# What the task requires:
Exact reproduction required: the lines below from the line with "(prod_pow2_neq0 (fun i (lt_im" to the line with "have [assocS unitS]", both ends included, and no others.

# Data for the task:
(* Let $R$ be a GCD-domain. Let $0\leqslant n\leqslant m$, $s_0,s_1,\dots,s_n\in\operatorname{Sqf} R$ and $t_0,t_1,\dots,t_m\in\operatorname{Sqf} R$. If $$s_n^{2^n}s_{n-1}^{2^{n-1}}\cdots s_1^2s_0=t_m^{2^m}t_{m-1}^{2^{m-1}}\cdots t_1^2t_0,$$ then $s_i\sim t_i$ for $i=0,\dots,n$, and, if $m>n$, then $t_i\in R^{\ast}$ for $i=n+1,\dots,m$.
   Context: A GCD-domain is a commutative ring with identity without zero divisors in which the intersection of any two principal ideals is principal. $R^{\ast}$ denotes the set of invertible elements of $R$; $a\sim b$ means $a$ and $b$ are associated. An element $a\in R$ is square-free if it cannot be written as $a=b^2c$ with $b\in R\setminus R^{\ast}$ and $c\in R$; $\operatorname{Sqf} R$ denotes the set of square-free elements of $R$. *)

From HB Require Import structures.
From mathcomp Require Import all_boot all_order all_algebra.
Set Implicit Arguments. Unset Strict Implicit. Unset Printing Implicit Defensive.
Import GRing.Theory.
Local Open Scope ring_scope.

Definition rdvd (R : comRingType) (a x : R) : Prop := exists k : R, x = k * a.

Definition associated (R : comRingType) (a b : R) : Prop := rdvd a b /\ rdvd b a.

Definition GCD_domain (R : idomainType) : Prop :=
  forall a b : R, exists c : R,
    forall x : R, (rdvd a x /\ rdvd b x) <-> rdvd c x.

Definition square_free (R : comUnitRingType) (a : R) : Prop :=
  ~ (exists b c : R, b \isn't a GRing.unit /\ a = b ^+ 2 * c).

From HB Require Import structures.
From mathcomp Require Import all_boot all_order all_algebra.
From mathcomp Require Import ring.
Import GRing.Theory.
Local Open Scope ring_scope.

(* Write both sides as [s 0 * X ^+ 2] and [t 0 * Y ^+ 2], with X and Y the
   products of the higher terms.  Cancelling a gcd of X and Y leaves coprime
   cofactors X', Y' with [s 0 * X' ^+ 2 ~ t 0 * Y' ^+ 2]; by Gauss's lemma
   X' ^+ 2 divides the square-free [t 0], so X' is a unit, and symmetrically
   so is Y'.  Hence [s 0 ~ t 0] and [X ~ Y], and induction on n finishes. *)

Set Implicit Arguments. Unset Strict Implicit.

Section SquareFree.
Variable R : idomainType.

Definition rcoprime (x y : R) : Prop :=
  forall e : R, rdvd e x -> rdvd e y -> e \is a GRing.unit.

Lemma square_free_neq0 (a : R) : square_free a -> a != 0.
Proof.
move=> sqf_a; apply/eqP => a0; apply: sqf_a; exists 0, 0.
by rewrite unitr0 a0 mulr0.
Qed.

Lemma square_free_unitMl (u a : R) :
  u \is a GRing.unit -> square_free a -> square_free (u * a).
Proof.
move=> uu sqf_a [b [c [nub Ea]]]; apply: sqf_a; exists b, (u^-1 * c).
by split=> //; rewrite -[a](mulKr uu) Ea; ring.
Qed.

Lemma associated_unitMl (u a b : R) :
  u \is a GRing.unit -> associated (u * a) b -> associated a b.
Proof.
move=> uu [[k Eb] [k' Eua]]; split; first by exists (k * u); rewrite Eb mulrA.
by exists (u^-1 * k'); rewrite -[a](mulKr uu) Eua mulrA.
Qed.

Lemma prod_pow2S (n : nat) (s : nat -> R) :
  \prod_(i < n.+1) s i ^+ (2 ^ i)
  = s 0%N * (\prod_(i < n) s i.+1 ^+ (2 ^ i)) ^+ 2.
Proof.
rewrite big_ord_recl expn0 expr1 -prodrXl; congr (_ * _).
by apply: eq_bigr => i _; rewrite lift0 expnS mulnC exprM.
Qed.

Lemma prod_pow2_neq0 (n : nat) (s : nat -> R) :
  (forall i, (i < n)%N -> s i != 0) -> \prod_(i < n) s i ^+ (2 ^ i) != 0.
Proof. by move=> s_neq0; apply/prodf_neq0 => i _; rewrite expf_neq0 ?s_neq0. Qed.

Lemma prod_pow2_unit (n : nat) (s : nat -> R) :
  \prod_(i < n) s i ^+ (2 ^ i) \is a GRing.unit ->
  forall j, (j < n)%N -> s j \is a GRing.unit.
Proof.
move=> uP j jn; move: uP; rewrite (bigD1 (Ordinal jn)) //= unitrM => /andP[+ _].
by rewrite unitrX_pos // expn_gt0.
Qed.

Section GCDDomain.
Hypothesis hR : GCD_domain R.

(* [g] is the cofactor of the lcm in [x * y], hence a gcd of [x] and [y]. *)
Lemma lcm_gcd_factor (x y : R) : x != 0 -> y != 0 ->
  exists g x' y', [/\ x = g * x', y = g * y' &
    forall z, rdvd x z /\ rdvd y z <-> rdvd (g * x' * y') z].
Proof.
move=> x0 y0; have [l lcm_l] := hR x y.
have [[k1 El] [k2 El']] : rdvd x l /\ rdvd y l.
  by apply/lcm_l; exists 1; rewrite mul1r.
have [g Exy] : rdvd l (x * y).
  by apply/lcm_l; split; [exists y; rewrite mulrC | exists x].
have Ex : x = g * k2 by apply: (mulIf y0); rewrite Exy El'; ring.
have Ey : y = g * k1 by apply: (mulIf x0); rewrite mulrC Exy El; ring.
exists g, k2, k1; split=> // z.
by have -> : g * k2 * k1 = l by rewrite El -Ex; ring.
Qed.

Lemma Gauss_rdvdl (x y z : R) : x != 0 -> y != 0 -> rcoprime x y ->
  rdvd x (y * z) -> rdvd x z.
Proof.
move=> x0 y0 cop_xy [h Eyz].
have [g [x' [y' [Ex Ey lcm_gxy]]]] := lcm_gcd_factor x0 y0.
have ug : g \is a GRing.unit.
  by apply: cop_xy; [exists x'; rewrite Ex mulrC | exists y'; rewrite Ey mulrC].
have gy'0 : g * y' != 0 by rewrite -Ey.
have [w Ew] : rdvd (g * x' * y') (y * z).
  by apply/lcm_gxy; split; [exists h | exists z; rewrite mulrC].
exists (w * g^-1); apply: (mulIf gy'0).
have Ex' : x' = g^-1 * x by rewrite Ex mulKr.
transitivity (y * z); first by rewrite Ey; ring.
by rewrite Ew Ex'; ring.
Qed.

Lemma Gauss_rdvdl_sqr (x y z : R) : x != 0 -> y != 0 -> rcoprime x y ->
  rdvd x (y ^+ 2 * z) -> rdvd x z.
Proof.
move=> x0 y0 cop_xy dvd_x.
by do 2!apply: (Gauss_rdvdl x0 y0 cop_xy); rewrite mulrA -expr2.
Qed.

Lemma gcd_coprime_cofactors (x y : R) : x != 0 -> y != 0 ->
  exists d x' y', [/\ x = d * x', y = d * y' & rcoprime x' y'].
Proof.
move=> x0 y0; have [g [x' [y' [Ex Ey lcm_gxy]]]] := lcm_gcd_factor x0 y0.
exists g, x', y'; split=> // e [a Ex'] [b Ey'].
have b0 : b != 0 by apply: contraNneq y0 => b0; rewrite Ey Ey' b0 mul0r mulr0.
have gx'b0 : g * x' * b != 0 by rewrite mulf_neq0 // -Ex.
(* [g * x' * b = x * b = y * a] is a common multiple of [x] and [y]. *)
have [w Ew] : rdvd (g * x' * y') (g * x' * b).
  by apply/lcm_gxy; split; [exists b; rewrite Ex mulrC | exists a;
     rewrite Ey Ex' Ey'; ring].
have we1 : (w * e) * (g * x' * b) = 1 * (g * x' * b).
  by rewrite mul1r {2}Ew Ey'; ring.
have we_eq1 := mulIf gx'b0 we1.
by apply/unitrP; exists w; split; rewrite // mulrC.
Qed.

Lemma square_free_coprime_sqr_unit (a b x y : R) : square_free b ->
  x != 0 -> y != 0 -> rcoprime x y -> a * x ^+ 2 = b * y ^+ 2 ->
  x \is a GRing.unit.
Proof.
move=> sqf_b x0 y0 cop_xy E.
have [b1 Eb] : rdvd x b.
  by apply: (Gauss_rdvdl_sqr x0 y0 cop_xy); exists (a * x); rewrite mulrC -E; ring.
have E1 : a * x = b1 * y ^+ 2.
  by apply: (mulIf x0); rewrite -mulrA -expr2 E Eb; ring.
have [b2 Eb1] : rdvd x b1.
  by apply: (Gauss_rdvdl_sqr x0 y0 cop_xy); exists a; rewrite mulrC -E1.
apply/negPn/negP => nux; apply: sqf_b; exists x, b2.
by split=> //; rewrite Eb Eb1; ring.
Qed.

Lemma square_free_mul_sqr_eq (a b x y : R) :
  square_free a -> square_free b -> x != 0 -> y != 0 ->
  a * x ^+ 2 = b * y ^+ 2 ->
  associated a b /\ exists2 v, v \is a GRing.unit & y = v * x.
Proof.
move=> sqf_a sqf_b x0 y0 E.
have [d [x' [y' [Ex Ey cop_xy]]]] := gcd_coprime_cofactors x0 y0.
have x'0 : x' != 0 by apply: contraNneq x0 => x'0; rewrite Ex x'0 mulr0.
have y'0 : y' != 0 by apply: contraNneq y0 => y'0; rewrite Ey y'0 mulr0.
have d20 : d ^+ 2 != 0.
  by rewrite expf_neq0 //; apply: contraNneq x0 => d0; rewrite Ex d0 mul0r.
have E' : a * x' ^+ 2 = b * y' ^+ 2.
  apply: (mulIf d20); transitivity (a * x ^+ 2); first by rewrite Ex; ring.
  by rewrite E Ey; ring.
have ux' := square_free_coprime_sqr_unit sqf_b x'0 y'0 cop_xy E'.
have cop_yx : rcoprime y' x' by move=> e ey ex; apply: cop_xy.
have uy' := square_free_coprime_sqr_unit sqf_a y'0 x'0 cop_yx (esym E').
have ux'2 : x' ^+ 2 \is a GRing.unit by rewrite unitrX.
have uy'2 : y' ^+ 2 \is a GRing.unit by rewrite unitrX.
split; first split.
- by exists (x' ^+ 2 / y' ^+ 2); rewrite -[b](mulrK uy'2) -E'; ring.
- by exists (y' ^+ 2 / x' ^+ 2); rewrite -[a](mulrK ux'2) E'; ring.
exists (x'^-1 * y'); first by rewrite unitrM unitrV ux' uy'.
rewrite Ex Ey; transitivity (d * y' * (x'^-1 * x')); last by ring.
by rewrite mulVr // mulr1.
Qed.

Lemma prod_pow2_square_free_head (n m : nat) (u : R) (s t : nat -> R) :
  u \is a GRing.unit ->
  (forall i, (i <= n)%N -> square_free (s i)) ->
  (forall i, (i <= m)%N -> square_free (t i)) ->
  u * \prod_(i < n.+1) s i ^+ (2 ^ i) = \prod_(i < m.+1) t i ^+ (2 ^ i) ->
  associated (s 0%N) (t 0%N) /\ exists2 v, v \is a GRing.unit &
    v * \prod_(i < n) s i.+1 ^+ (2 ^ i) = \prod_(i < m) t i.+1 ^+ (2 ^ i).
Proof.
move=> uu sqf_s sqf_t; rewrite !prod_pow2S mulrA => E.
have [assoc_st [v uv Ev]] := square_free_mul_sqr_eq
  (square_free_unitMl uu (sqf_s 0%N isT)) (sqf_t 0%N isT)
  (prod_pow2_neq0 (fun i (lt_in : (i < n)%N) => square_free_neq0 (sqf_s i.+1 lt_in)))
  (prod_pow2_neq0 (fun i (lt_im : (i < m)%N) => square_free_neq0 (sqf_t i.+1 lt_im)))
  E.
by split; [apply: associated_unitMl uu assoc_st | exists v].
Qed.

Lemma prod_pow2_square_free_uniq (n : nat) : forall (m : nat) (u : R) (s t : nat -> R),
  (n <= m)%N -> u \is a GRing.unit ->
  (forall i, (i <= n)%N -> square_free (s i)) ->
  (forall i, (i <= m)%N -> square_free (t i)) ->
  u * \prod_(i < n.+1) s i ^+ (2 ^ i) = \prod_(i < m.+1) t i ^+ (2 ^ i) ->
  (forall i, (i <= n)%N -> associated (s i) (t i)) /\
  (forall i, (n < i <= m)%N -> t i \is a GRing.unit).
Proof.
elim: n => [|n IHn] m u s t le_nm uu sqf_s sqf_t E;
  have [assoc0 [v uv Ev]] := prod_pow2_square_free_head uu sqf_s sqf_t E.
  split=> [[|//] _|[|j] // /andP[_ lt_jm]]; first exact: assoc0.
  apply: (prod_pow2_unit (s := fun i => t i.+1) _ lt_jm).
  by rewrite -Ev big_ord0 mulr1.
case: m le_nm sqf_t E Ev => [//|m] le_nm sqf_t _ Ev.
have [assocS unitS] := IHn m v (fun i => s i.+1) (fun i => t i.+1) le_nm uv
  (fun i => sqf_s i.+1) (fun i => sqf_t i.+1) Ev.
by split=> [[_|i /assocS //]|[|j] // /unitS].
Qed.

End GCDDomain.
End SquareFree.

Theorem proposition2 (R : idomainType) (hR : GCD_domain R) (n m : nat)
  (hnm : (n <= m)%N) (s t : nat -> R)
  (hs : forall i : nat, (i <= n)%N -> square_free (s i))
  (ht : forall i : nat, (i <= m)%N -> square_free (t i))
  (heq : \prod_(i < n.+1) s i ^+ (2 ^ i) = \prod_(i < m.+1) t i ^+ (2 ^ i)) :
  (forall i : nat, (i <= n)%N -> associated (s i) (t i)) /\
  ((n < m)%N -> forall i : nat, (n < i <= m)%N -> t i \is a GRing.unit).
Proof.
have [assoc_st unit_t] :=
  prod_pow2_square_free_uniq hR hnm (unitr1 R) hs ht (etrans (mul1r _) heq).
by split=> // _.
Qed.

# Output of the exercise:
  (prod_pow2_neq0 (fun i (lt_im : (i < m)%N) => square_free_neq0 (sqf_t i.+1 lt_im)))
  E.
by split; [apply: associated_unitMl uu assoc_st | exists v].
Qed.

Lemma prod_pow2_square_free_uniq (n : nat) : forall (m : nat) (u : R) (s t : nat -> R),
  (n <= m)%N -> u \is a GRing.unit ->
  (forall i, (i <= n)%N -> square_free (s i)) ->
  (forall i, (i <= m)%N -> square_free (t i)) ->
  u * \prod_(i < n.+1) s i ^+ (2 ^ i) = \prod_(i < m.+1) t i ^+ (2 ^ i) ->
  (forall i, (i <= n)%N -> associated (s i) (t i)) /\
  (forall i, (n < i <= m)%N -> t i \is a GRing.unit).
Proof.
elim: n => [|n IHn] m u s t le_nm uu sqf_s sqf_t E;
  have [assoc0 [v uv Ev]] := prod_pow2_square_free_head uu sqf_s sqf_t E.
  split=> [[|//] _|[|j] // /andP[_ lt_jm]]; first exact: assoc0.
  apply: (prod_pow2_unit (s := fun i => t i.+1) _ lt_jm).
  by rewrite -Ev big_ord0 mulr1.
case: m le_nm sqf_t E Ev => [//|m] le_nm sqf_t _ Ev.
have [assocS unitS] := IHn m v (fun i => s i.+1) (fun i => t i.+1) le_nm uv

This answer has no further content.